Wednesday, December 08, 2004

wtf?

this is officially ridiculous. not only do they get their facts wrong, but somehow CBS thinks that:

(a) running a blog claiming to provide analysis of a senate campaign that is, in fact, secretly run by paid campaign operative from one particular side

is equivalent to:

(b) anonymously running a vocally liberal site while working for a left-leaning media watchdog site.


in (a) the author of daschle v. thune provided analysis of the senate race but withheld a key fact--that he was paid by the thune campaign. the missing fact directly raises questions of bias and the substance of his criticism of each candidate

(b) is completely different. media matters is an organization dedicated to publicize conservative bias in the u.s. media. as the site explains:
Media Matters for America is a Web-based, not-for-profit progressive research and information center dedicated to comprehensively monitoring, analyzing, and correcting conservative misinformation in the U.S. media. Conservative misinformation is defined as news or commentary presented in the media that is not accurate, reliable, or credible and that forwards the conservative agenda.
see the difference? media matters never claims to monitor sites like eschaton. nor did atrios ever claim to provide any analysis of media matters. unlike in (a) the withheld information (i.e. atrios' secret identity during the one month that he was both employed by media matters and still posting anonymously) does not raise any conflict of interest questions. indeed, atrios and media matters both critique the mainstream media. they complement each other, they don't conflict, so it raises no bias issues with either site. yet somehow the cbs article makes it seem like these are parallel cases.

(as i was writing the above, atrios posted his letter to cbs about the article)

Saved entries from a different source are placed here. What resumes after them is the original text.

Lemma lsmul_block m1 m2 n1 n2 p1 p2
  (a11 : 'M[C]_(m1, n1)) (a12 : 'M[C]_(m1, n2))
  (a21 : 'M[C]_(m2, n1)) (a22 : 'M[C]_(m2, n2))
  (x11 : 'M[V]_(n1, p1)) (x12 : 'M[V]_(n1, p2))
  (x21 : 'M[V]_(n2, p1)) (x22 : 'M[V]_(n2, p2)) :
  lsmul (block_mx a11 a12 a21 a22) (block_mx x11 x12 x21 x22) =
  block_mx (lsmul a11 x11 + lsmul a12 x21) (lsmul a11 x12 + lsmul a12 x22)
           (lsmul a21 x11 + lsmul a22 x21) (lsmul a21 x12 + lsmul a22 x22).
Proof.
apply/matrixP=> i j; rewrite -(@splitK _ _ i) -(@splitK _ _ j).
case: (fintype.split i) => k; case: (fintype.split j) => l;
rewrite /= ?block_mxEul ?block_mxEur ?block_mxEdl ?block_mxEdr;
rewrite !mxE big_split_ord /=;
by congr (_ + _); apply: eq_bigr => r _;
  rewrite ?block_mxEul ?block_mxEur ?block_mxEdl ?block_mxEdr.
Qed.

Lemma rsmul_block m1 m2 n1 n2 p1 p2
  (x11 : 'M[V]_(m1, n1)) (x12 : 'M[V]_(m1, n2))
  (x21 : 'M[V]_(m2, n1)) (x22 : 'M[V]_(m2, n2))
  (b11 : 'M[C]_(n1, p1)) (b12 : 'M[C]_(n1, p2))
  (b21 : 'M[C]_(n2, p1)) (b22 : 'M[C]_(n2, p2)) :
  rsmul (block_mx x11 x12 x21 x22) (block_mx b11 b12 b21 b22) =
  block_mx (rsmul x11 b11 + rsmul x12 b21) (rsmul x11 b12 + rsmul x12 b22)
           (rsmul x21 b11 + rsmul x22 b21) (rsmul x21 b12 + rsmul x22 b22).
Proof.
apply/matrixP=> i j; rewrite -(@splitK _ _ i) -(@splitK _ _ j).
case: (fintype.split i) => k; case: (fintype.split j) => l;
rewrite /= ?block_mxEul ?block_mxEur ?block_mxEdl ?block_mxEdr;
rewrite !mxE big_split_ord /=;
by congr (_ + _); apply: eq_bigr => r _;
  rewrite ?block_mxEul ?block_mxEur ?block_mxEdl ?block_mxEdr.
Qed.

Lemma map_lsmul (W : lmodType C) (f : {linear V -> W}) m n p
    (a : 'M[C]_(m, n)) (x : 'M[V]_(n, p)) :
  map_mx f (lsmul a x) = lsmul a (map_mx f x).
Proof.
apply/matrixP=> i j; rewrite !mxE linear_sum.
by apply: eq_bigr => k _; rewrite linearZ !mxE.
Qed.

Lemma map_rsmul (W : lmodType C) (f : {linear V -> W}) m n p
    (x : 'M[V]_(m, n)) (b : 'M[C]_(n, p)) :
  map_mx f (rsmul x b) = rsmul (map_mx f x) b.
Proof.
apply/matrixP=> i j; rewrite !mxE linear_sum.
by apply: eq_bigr => k _; rewrite linearZ !mxE.
Qed.

Lemma map_scale (W : lmodType C) (f : {linear V -> W}) m n c (x : 'M[V]_(m, n)) :
  map_mx f (map_mx ( *:%R c) x) = map_mx ( *:%R c) (map_mx f x).
Proof. by apply/matrixP => i j; rewrite !mxE linearZ. Qed.

Lemma map_dsum (W : lmodType C) (f : {linear V -> W}) n m
    (x : 'M[V]_n) (y : 'M[V]_m) :
  map_mx f (dsum x y) = dsum (map_mx f x) (map_mx f y).
Proof. by rewrite /dsum map_block_mx !map_mx0. Qed.

End ScalarAction.

Section ComplexModulus.
Variable R : realType.

Lemma cabsE (z : R[i]) : cabs z = Normc.normc z.
Proof. by case: z. Qed.

Lemma cabs_ge0 (z : R[i]) : 0 <= cabs z.
Proof. exact: sqrtr_ge0. Qed.

Lemma cabs0 : cabs (0 : R[i]) = 0.
Proof. by rewrite cabsE Normc.normc0. Qed.

Lemma cabsN1 : cabs (-1 : R[i]) = 1.
Proof. by rewrite /cabs /= oppr0 expr0n /= addr0 sqrrN expr1n sqrtr1. Qed.

Lemma cabsV (z : R[i]) : cabs z^-1 = (cabs z)^-1.
Proof. by rewrite !cabsE Normc.normcV. Qed.

Lemma cabs_gt0 (z : R[i]) : z != 0 -> 0 < cabs z.
Proof.
move=> z0; rewrite lt_neqAle cabs_ge0 andbT eq_sym; apply: contra z0.
by rewrite cabsE => /eqP /Normc.eq0_normc ->.
Qed.

End ComplexModulus.

Section ScalarMatrixBounds.
Variable R : realType.
Local Notation C := R[i].

Lemma opbound_delta n (i j : 'I_n) : opbound (delta_mx i j : 'M[C]_n) 1.
Proof.
split => // v; rewrite expr1n mul1r /vnorm2.
rewrite (bigD1 i) //= big1 ?addr0; last first.
  move=> r /negbTE ri; rewrite !mxE big1 ?expr0n ?addr0 //= => k _.
  by rewrite !mxE ri mul0r.
have -> : (delta_mx i j *m v) i 0 = v j 0.
  rewrite !mxE (bigD1 j) //= big1 ?addr0; first by rewrite !mxE !eqxx mul1r.
  by move=> k /negbTE kj; rewrite !mxE eqxx kj mul0r.
rewrite [X in _ <= X](bigD1 j) //= lerDl.
by apply: sumr_ge0 => k _; rewrite addr_ge0 // sqr_ge0.
Qed.

Lemma opbound_ulproj n m : opbound (block_mx 1%:M 0 0 0 : 'M[C]_(n + m)) 1.
Proof.
split => // v; rewrite expr1n mul1r -(vsubmxK v) mul_block_col.
rewrite !mul1mx !mul0mx !addr0 /vnorm2 !big_split_ord /=.
under eq_bigr => k _ do rewrite col_mxEu.
under [X in _ + X <= _]eq_bigr => k _ do rewrite col_mxEd mxE /=.
under [X in _ <= X + _]eq_bigr => k _ do rewrite col_mxEu.
rewrite [X in _ + X <= _]big1 ?addr0 ?lerDl; last first.
  by move=> k _; rewrite expr0n /= addr0.
by apply: sumr_ge0 => k _; rewrite addr_ge0 // sqr_ge0.
Qed.

Lemma opbound_drproj n m : opbound (block_mx 0 0 0 1%:M : 'M[C]_(n + m)) 1.
Proof.
split => // v; rewrite expr1n mul1r -(vsubmxK v) mul_block_col.
rewrite !mul1mx !mul0mx !add0r /vnorm2 !big_split_ord /=.
under eq_bigr => k _ do rewrite col_mxEu mxE /=.
under [X in _ + X <= _]eq_bigr => k _ do rewrite col_mxEd.
under [X in _ <= _ + X]eq_bigr => k _ do rewrite col_mxEd.
rewrite [X in X + _ <= _]big1 ?add0r ?lerDr; last first.
  by move=> k _; rewrite expr0n /= addr0.
by apply: sumr_ge0 => k _; rewrite addr_ge0 // sqr_ge0.
Qed.

Definition mxl1norm m n (a : 'M[C]_(m, n)) : R :=
  \sum_(i < m) \sum_(j < n) cabs (a i j).

Lemma mxl1norm_ge0 m n (a : 'M[C]_(m, n)) : 0 <= mxl1norm a.
Proof. by do 2!apply: sumr_ge0 => ? _; exact: cabs_ge0. Qed.

End ScalarMatrixBounds.

Section NormClosure.
Variable R : realType.
Local Notation C := R[i].

Lemma nclosure_lipschitz (V W : lmodType C) n m (NV : 'M[V]_n -> R)
    (NW : 'M[W]_m -> R) (f : 'M[V]_n -> 'M[W]_m) (K : R)
    (S : set 'M[V]_n) (T : set 'M[W]_m) :
  0 <= K -> (forall x y, NW (f x - f y) <= K * NV (x - y)) ->
  f @` S `<=` T -> f @` nclosure NV S `<=` nclosure NW T.
Proof.
move=> K0 f_lip fST _ [x clx <-] e e0.
have eK : 0 < e / (K + 1) by rewrite divr_gt0 //; lra.
have [y Sy xy_small] := clx _ eK.
exists (f y); first by apply: fST; exists y.
apply: le_lt_trans (f_lip x y) _.
have eKE : e / (K + 1) * (K + 1) = e by rewrite divfK // gt_eqF //; lra.
move: xy_small eK eKE; move: (e / (K + 1)) (NV (x - y)) => t u; nra.
Qed.

End NormClosure.

Section OperatorSpace.
Variables (R : realType) (V : lmodType R[i]).
Local Notation C := R[i].
Variable NV : forall n, 'M[V]_n -> R.
Hypothesis osV : is_operator_space NV.

Lemma os_normD n (x y : 'M[V]_n) : NV (x + y) <= NV x + NV y.
Proof. by case: osV. Qed.

Lemma os_normZ n c (x : 'M[V]_n) : NV (map_mx ( *:%R c) x) = cabs c * NV x.
Proof. by case: osV. Qed.

Lemma os_norm_eq0 n (x : 'M[V]_n) : NV x = 0 -> x = 0.
Proof. by case: osV => _ _ H _ _; exact: H. Qed.

Lemma os_norm_dsum n m (x : 'M[V]_n) (y : 'M[V]_m) :
  NV (dsum x y) = Num.max (NV x) (NV y).
Proof. by case: osV. Qed.

Lemma os_norm_compress n (a b : 'M[C]_n) (x : 'M[V]_n) ca cb :
  opbound a ca -> opbound b cb -> NV (rsmul (lsmul a x) b) <= ca * NV x * cb.
Proof. by case: osV => _ _ _ _ H; exact: H. Qed.

Lemma os_norm0 n : NV (0 : 'M[V]_n) = 0.
Proof.
have -> : 0 = map_mx ( *:%R (0 : C)) (0 : 'M[V]_n) by rewrite map_mx0.
by rewrite os_normZ cabs0 mul0r.
Qed.

Lemma os_normN n (x : 'M[V]_n) : NV (- x) = NV x.
Proof.
have -> : - x = map_mx ( *:%R (-1 : C)) x.
  by apply/matrixP => i j; rewrite !mxE scaleN1r.
by rewrite os_normZ cabsN1 mul1r.
Qed.

Lemma os_norm_ge0 n (x : 'M[V]_n) : 0 <= NV x.
Proof. by have := os_normD x (- x); rewrite subrr os_norm0 os_normN; lra. Qed.

Lemma os_norm_sum n I (r : seq I) (P : pred I) (F : I -> 'M[V]_n) :
  NV (\sum_(i <- r | P i) F i) <= \sum_(i <- r | P i) NV (F i).
Proof.
elim/big_rec2: _ => [|i y1 y2 _ h]; first by rewrite os_norm0.
by apply: le_trans (os_normD _ _) _; rewrite lerD2l.
Qed.

Lemma os_norm_dsum0r n m (x : 'M[V]_n) : NV (dsum x (0 : 'M[V]_m)) = NV x.
Proof. by rewrite os_norm_dsum os_norm0 max_l // os_norm_ge0. Qed.

Lemma os_norm_dsum0l n m (x : 'M[V]_n) : NV (dsum (0 : 'M[V]_m) x) = NV x.
Proof. by rewrite os_norm_dsum os_norm0 max_r // os_norm_ge0. Qed.

(* Expand both scalar matrices along the matrix units and apply Ruan's axiom
   to each pair of units. *)
Lemma os_norm_compress_l1 n (a b : 'M[C]_n) (x : 'M[V]_n) :
  NV (rsmul (lsmul a x) b) <= mxl1norm a * NV x * mxl1norm b.
Proof.
rewrite {1}(matrix_sum_delta a) lsmul_suml rsmul_suml /mxl1norm -!mulrA mulr_suml.
apply: le_trans (os_norm_sum _ _ _) _; apply: ler_sum => i _.
rewrite lsmul_suml rsmul_suml mulr_suml.
apply: le_trans (os_norm_sum _ _ _) _; apply: ler_sum => j _.
rewrite lsmulZl rsmulZl os_normZ ler_wpM2l ?cabs_ge0 //.
rewrite {1}(matrix_sum_delta b) rsmul_sumr !mulr_sumr.
apply: le_trans (os_norm_sum _ _ _) _; apply: ler_sum => k _.
rewrite rsmul_sumr mulr_sumr.
apply: le_trans (os_norm_sum _ _ _) _; apply: ler_sum => l _.
rewrite rsmulZr os_normZ mulrC ler_wpM2r ?cabs_ge0 //.
have := os_norm_compress x (opbound_delta R i j) (opbound_delta R k l).
by rewrite mul1r mulr1.
Qed.
Lemma Can_cos p : Can (fun x => cos (x - p)).
Proof.
  apply Can_intro.
  - intro x0. exists 1. eapply ps_ball_ext.
    + apply ps_ball_plus; apply ps_ball_mult.
      * exact (ps_ball_entire _ cos x0 1 Rlt_0_1 is_pseries_cos).
      * exact (ps_ball_const (cos (x0 - p)) x0 1 Rlt_0_1).
      * exact (ps_ball_entire _ sin x0 1 Rlt_0_1 is_pseries_sin).
      * exact (ps_ball_const (- sin (x0 - p)) x0 1 Rlt_0_1).
    + intros x _. simpl. replace (x - p) with ((x - x0) + (x0 - p)) by ring.
      rewrite cos_plus. ring.
  - intro x. replace (x + 2 * PI - p) with ((x - p) + 2 * PI) by ring.
    rewrite cos_plus, cos_2PI, sin_2PI. ring.
Qed.

Lemma Can_sin p : Can (fun x => sin (x - p)).
Proof.
  apply Can_intro.
  - intro x0. exists 1. eapply ps_ball_ext.
    + apply ps_ball_plus; apply ps_ball_mult.
      * exact (ps_ball_entire _ sin x0 1 Rlt_0_1 is_pseries_sin).
      * exact (ps_ball_const (cos (x0 - p)) x0 1 Rlt_0_1).
      * exact (ps_ball_entire _ cos x0 1 Rlt_0_1 is_pseries_cos).
      * exact (ps_ball_const (sin (x0 - p)) x0 1 Rlt_0_1).
    + intros x _. simpl. replace (x - p) with ((x - x0) + (x0 - p)) by ring.
      rewrite sin_plus. ring.
  - intro x. replace (x + 2 * PI - p) with ((x - p) + 2 * PI) by ring.
    rewrite sin_plus, cos_2PI, sin_2PI. ring.
Qed.

Lemma Can_zero_near_left f s e : Can f -> 0 < e -> (forall z, s - e < z < s -> f z = 0) ->
  exists r, 0 < r /\ forall x, Rabs (x - s) < r -> f x = 0.
Proof.
  intros Hf He Hz. destruct (Can_ps_ball f Hf s) as [r Hr].
  destruct (ps_ball_dichotomy f s r Hr) as [Hall|[m [G [HG [HG0 HfG]]]]].
  - exists r. split; [exact (ps_ball_pos _ _ _ Hr)|exact Hall].
  - exfalso. pose proof (ps_ball_pos _ _ _ Hr).
    destruct (ps_ball_nonzero_near G s r HG HG0) as [d [Hd HGn]].
    set (t := Rmin d (Rmin r e)).
    assert (Ht : 0 < t) by (apply Rmin_pos; [|apply Rmin_pos]; assumption).
    assert (Ht1 := Rmin_l d (Rmin r e)). assert (Ht2 := Rmin_r d (Rmin r e)).
    assert (Ht3 := Rmin_l r e). assert (Ht4 := Rmin_r r e). fold t in Ht1, Ht2.
    assert (Hdist : Rabs (s - t / 2 - s) = t / 2)
      by (replace (s - t / 2 - s) with (- (t / 2)) by ring; rewrite Rabs_Ropp, Rabs_pos_eq; lra).
    assert (Hfz : f (s - t / 2) = 0) by (apply Hz; lra).
    rewrite HfG in Hfz by lra. apply Rmult_integral in Hfz. destruct Hfz as [h|h].
    + apply (pow_nonzero (s - t / 2 - s) m); [lra|exact h].
    + exact (HGn (s - t / 2) ltac:(lra) h).
Qed.
(* triple momentum; state (omega(j-1), omega(j), y(j)) *)
Fixpoint tm_state (grad : (nat -> R) -> nat -> R) (gc gw gy : R) (z0 : nat -> R)
  (j : nat) : (nat -> R) * (nat -> R) * (nat -> R) :=
  match j with
  | O => (z0, z0, z0)
  | S j' =>
      let '(wp, w, y) := tm_state grad gc gw gy z0 j' in
      let wn := vsub (vsub (vscal (1 + gw) w) (vscal gw wp)) (vscal gc (grad y)) in
      let yn := vsub (vscal (1 + gy) wn) (vscal gy w) in
      (w, wn, yn)
  end.

Definition tm_iter (grad : (nat -> R) -> nat -> R) (gc gw gy gz : R)
  (z0 : nat -> R) (j : nat) : nat -> R :=
  let '(wp, w, _) := tm_state grad gc gw gy z0 j in
  vsub (vscal (1 + gz) w) (vscal gz wp).

(* Both online controllers apply the trajectory (x(z(K)), u(z(K))) where z(K) is
   obtained from the oracle output z(0) by K steps of gradient descent, resp. triple
   momentum, on the reduced cost C.

   Gradient descent with step
      1/L then contracts the optimality gap by 1 - mu/L per step.  For triple
      momentum we use the Lyapunov function
        V_j = gap(y(j), zs) + mu L |z(j+1) - zs|^2  (zs a minimizer of the cost),
      which satisfies V_{j+1} <= r^2 V_j with r = 1 - 1/sqrt(L/mu) by an exact
      algebraic identity whose remaining terms are interpolation gaps.
   2. Control.  For a system in canonical form, z |-> (x(z), u(z)) maps onto the
      feasible trajectories (with explicit inverse zstar), and J(x(z), u(z)) = C(z);
      hence min C = J^*, attained, and Regret(z) = C(z) - min C. *)

From Stdlib Require Import Reals Lra Lia Arith Bool FunctionalExtensionality.
Open Scope R_scope.

Lemma sum_lt_ext N f g :
  (forall i, (i < N)%nat -> f i = g i) -> sum_lt N f = sum_lt N g.
Proof.
  induction N as [|N IH]; intros H; simpl; auto.
  rewrite IH by (intros; apply H; lia). rewrite H by lia. reflexivity.
Qed.

Lemma sum_lt_add N f g : sum_lt N (fun i => f i + g i) = sum_lt N f + sum_lt N g.
Proof. induction N as [|N IH]; simpl; [ring | rewrite IH; ring]. Qed.
Lemma negent_le_shift x x' y m (K : nat) : in_simplex x -> in_simplex x' ->
  (forall e, y e <= x e) -> (forall e, y e <= x' e) -> 1 <= m ->
  negent x <= negent x' + \sum_e (x e - y e)
    + K%:R * ln m * \sum_e (x' e - y e) + #|{: T}|%:R * m ^- K.
Proof.
move=> hx [x'0 _] yx yx' m1.
have -> : #|{: T}|%:R * m ^- K = \sum_(e : T) m ^- K by rewrite sumr_const mulr_natl.
rewrite !negentE mulr_sumr -!big_split /=.
apply: ler_sum => e _; rewrite -!addrA -lerBlDl !addrA.
apply: xlnx_sub_le => //; rewrite ?subr_ge0 ?lerD2l ?lerN2 //.
- by case: hx.
- exact: simplex_le1.
Qed.

End Objective.

Section Infimum.
Variable R : realType.
Local Open Scope classical_set_scope.

Lemma inf_le_infD (S S' : set R) (K : R) : has_lbound S -> S' !=set0 ->
  (forall y, S' y -> exists2 x, S x & x <= y + K) -> inf S <= inf S' + K.
Proof.
move=> lbS S'0 SS'; rewrite -lerBlDr; apply: lb_le_inf => // y S'y.
have [x Sx xy] := SS' y S'y; rewrite lerBlDr.
exact: le_trans (ge_inf lbS Sx) xy.
Qed.

End Infimum.
Lemma hitP1_tail k c : (0 < count_st op1 c)%N ->
  1 - hitP 1 k c <= (1 - rate) ^+ k * potential c / 2.
Proof.
have decay_ge0 k' : 0 <= (1 - rate) ^+ k' by rewrite exprn_ge0 // subr_ge0 rate_le1.
have tail_ge0 k' c' : 0 <= (1 - rate) ^+ k' * potential c' / 2.
  by rewrite !mulr_ge0 ?decay_ge0 ?potential_ge0 ?invr_ge0.
elim: k c => [|k IH] c a_gt0.
  rewrite /=; case: ifPn => [_|b_neq0]; first by rewrite subrr tail_ge0.
  by rewrite expr0 mul1r subr0 ler_pdivlMr ?mul1r ?potential_ge2.
rewrite hitP1_succ; case: ifPn => [_|b_neq0]; first by rewrite subrr tail_ge0.
have step_ge i j : 1 + (- ((1 - rate) ^+ k / 2)) * potential (usd1_step c i j)
                   <= hitP 1 k (usd1_step c i j).
  have := IH (usd1_step c i j) (leq_trans a_gt0 (count_op1_usd1_step c i j)); lra.
have := ler_pair_avg step_ge.
rewrite (@pair_avg_affine 1 (- ((1 - rate) ^+ k / 2))
          (fun i j => potential (usd1_step c i j))) //.
have := pair_avg_potential_le c a_gt0 b_neq0.
have := decay_ge0 k; rewrite exprS; nra.
Qed.

End Potential.

Section Numerics.
Variable R : realType.

Lemma powB_le_expR (r : R) k : r <= 1 -> (1 - r) ^+ k <= expR (- (r * k%:R)).
Proof.
move=> r1; rewrite -mulNr expRM_natr; apply: lerXn2r; rewrite ?nnegrE ?expR_ge0 //.
  by rewrite subr_ge0.
by have := expR_ge1Dx (- r); lra.
Qed.

Lemma quadratic_le_mono (a b c l L : R) : 0 <= a -> l <= L -> b <= 2 * a * l ->
  c + b * l <= a * l ^+ 2 -> c + b * L <= a * L ^+ 2.
Proof.
move=> a0 lL bl cl.
have h1 : 0 <= (L - l) * (2 * a * l - b) by apply: mulr_ge0; lra.
have h2 : 0 <= a * (L - l) ^+ 2 by rewrite mulr_ge0 ?sqr_ge0.
nra.
Qed.

(* The hypotheses of [quadratic_le_mono] for a = 7 t^2, b = 3 t (t-1) y,
   c = 1 - (t-1) y + t (t-1) y (y-2) / 2 and l = s + 1/t, where y = s + 2,
   after multiplication by t. *)
Definition quadratic_margin (t s : R) : Prop :=
  3 * (t - 1) * (s + 2) <= 14 * (t * s + 1) /\
  3 * (t - 1) * (s + 2) * (t * s + 1) + 1 - (t - 1) * (s + 2)
    + t * (t - 1) * (s + 2) * s / 2 <= 7 * (t * s + 1) ^+ 2.

Lemma quadratic_margin_large (t s : R) : 1 <= t -> 2 <= s -> quadratic_margin t s.
Proof.
move=> t1 s2; have ts : 0 <= t * (t * (s - 2) + s) by nra.
have sts : 0 <= s * (t * (t * (s - 2) + s)) by nra.
by split; nra.
Qed.

Lemma quadratic_margin_harmonic n : (2 <= n)%N ->
  quadratic_margin n%:R (hsum R 1 n - 1).
Proof.
move=> n2; case: (ltnP n 12) => n12; last first.
  apply: quadratic_margin_large; first by rewrite ler1n; lia.
  have h12 : 3 <= hsum R 1 12 by rewrite /hsum unlock /=; lra.
  by rewrite (@hsum_cat R 1 12 n) //; have := hsum_ge0 R 12 n; lra.
move: n2 n12; rewrite /quadratic_margin.
case: n => [|[|[|[|[|[|[|[|[|[|[|[|n]]]]]]]]]]]] //= _ _.
all: by rewrite /hsum unlock /=; split; lra.
Qed.

End Numerics.

Section Tail.
Variables (R : realType) (n : nat).
Hypothesis n_ge2 : (2 <= n)%N.

Lemma rate_mul_steps_ge k : 7 * n%:R ^+ 2 * ln (n%:R : R) ^+ 2 < k.+1%:R ->
  3 * ln (n%:R : R) - n%:R^-1 + (hsum R 1 n - 1) / 2 <= rate R n * k%:R.
Proof.
move=> hk; have [p1 p2] := @quadratic_margin_harmonic R n n_ge2.
have lnL := @ln_ge_hsum R n (ltnW n_ge2); rewrite hsum2S ?(ltnW n_ge2) // in lnL.
rewrite /rate natrM natrB ?(ltnW n_ge2) //.
set t := (n%:R : R) in hk p1 p2 lnL *; set H := hsum R 1 n in p1 p2 lnL *.
set L := ln t in hk lnL *; set l := (t * (H - 1) + 1) / t.
have t2 : 2 <= t by rewrite ler_nat.
have H0 : 0 <= H := hsum_ge0 R 1 n.
have t0 : t != 0 by apply/eqP; lra.
have lL : l <= L by rewrite /l (_ : _ / t = H + t^-1 - 1) //; field.
have q : 1 - (t - 1) * (1 + H) + t * (t - 1) * (1 + H) * (H - 1) / 2
           + 3 * t * (t - 1) * (1 + H) * L <= 7 * t ^+ 2 * L ^+ 2.
  apply: (@quadratic_le_mono R _ _ _ l _ _ lL); first by rewrite mulr_ge0 ?sqr_ge0.
    rewrite (_ : 2 * _ * l = t * (14 * (t * (H - 1) + 1))); last by rewrite /l; field.
    by have := ler_wpM2l (_ : 0 <= t) p1; lra.
  rewrite (_ : _ * l ^+ 2 = 7 * (t * (H - 1) + 1) ^+ 2); last by rewrite /l; field.
  rewrite (_ : _ * (1 + H) * l = 3 * (t - 1) * (1 + H) * (t * (H - 1) + 1)).
    by lra.
  by rewrite /l; field.
have -> : 3 * L - t^-1 + (H - 1) / 2 = (t * (t - 1) * (1 + H))^-1 *
    (1 - (t - 1) * (1 + H) + t * (t - 1) * (1 + H) * (H - 1) / 2
     + 3 * t * (t - 1) * (1 + H) * L - 1).
  by field; apply/and3P; split; apply/eqP; lra.
by rewrite ler_wpM2l ?invr_ge0 ?mulr_ge0 ?subr_ge0 //; lra.
Qed.

Lemma decay_potential_le k : 7 * n%:R ^+ 2 * ln (n%:R : R) ^+ 2 < k.+1%:R ->
  (1 - rate R n) ^+ k * ((n - 1)%:R * (1 + hsum R 1 n)) / 2 <= (n%:R ^+ 2)^-1.
Proof.
move=> hk; have kr := rate_mul_steps_ge k hk.
have r1 := @rate_le1 R n n_ge2; rewrite natrB ?(ltnW n_ge2) //.
set r := rate R n in kr r1 *; set t := (n%:R : R) in kr *.
set H := hsum R 1 n in kr *; set L := ln t in kr.
have t2 : 2 <= t by rewrite ler_nat.
have H0 : 0 <= H := hsum_ge0 R 1 n.
have e1 := @powB_le_expR R r k r1.
have e2 : t - 1 <= t * expR (- t^-1).
  have := ler_wpM2l (_ : 0 <= t) (expR_ge1Dx (- t^-1)).
  by rewrite mulrDr mulr1 mulrN mulfV //; [apply; lra | apply/eqP; lra].
have e3 : (1 + H) / 2 <= expR ((H - 1) / 2) by have := expR_ge1Dx ((H - 1) / 2); lra.
have tE : t = expR L by rewrite /L lnK // posrE; lra.
rewrite (_ : _ / 2 = (1 - r) ^+ k * (t - 1) * ((1 + H) / 2)); last by ring.
apply: (@le_trans _ _ (expR (- (r * k%:R)) * (t * expR (- t^-1)) * expR ((H - 1) / 2))).
  by rewrite !ler_pM ?mulr_ge0 ?exprn_ge0 ?expR_ge0 ?subr_ge0 //; lra.
apply: (@le_trans _ _ (expR (- (L * 2)))); last by rewrite expRN expRM_natr -tE.
by rewrite {1}tE -!expRD ler_expR; lra.
Qed.

End Tail.

Theorem lemma12 (R : realType) (n : nat) (c0 : config n) :
  (2 <= n)%N ->
  count_st op1 c0 = 1%N -> count_st op2 c0 = (n - 1)%N -> count_st undec c0 = 0%N ->
  forall k : nat,
    (k%:R <= 7 * n%:R ^+ 2 * (ln (n%:R : R)) ^+ 2 < k.+1%:R) ->
    1 - (n%:R ^+ 2)^-1 <= hitP (1 : R) k c0.
Proof.
move=> n_ge2 a1 b1 _ k /andP[_ hk].
have := @hitP1_tail R n n_ge2 k c0; rewrite a1 => /(_ isT).
rewrite /potential a1 b1 => tail.
by have := @decay_potential_le R n n_ge2 k hk; lra.
Qed.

full disclosure/CBS news prophylactic: i guest posted at eschaton for one week. in addition, duncan black once bought me a drink. he also gave me a button that i still wear on most tuesdays

UPDATE (12/9/04): CBS has rewritten the story. they've gotten rid of some of the factual errors, but not made it any clearer why exactly atrios was unethical or violated any journalistic standards. ironically, as others have noted one clear violation of those standards is running a corrected version of the story without retracting the earlier version or, at the very least, mentioning that the article has been altered.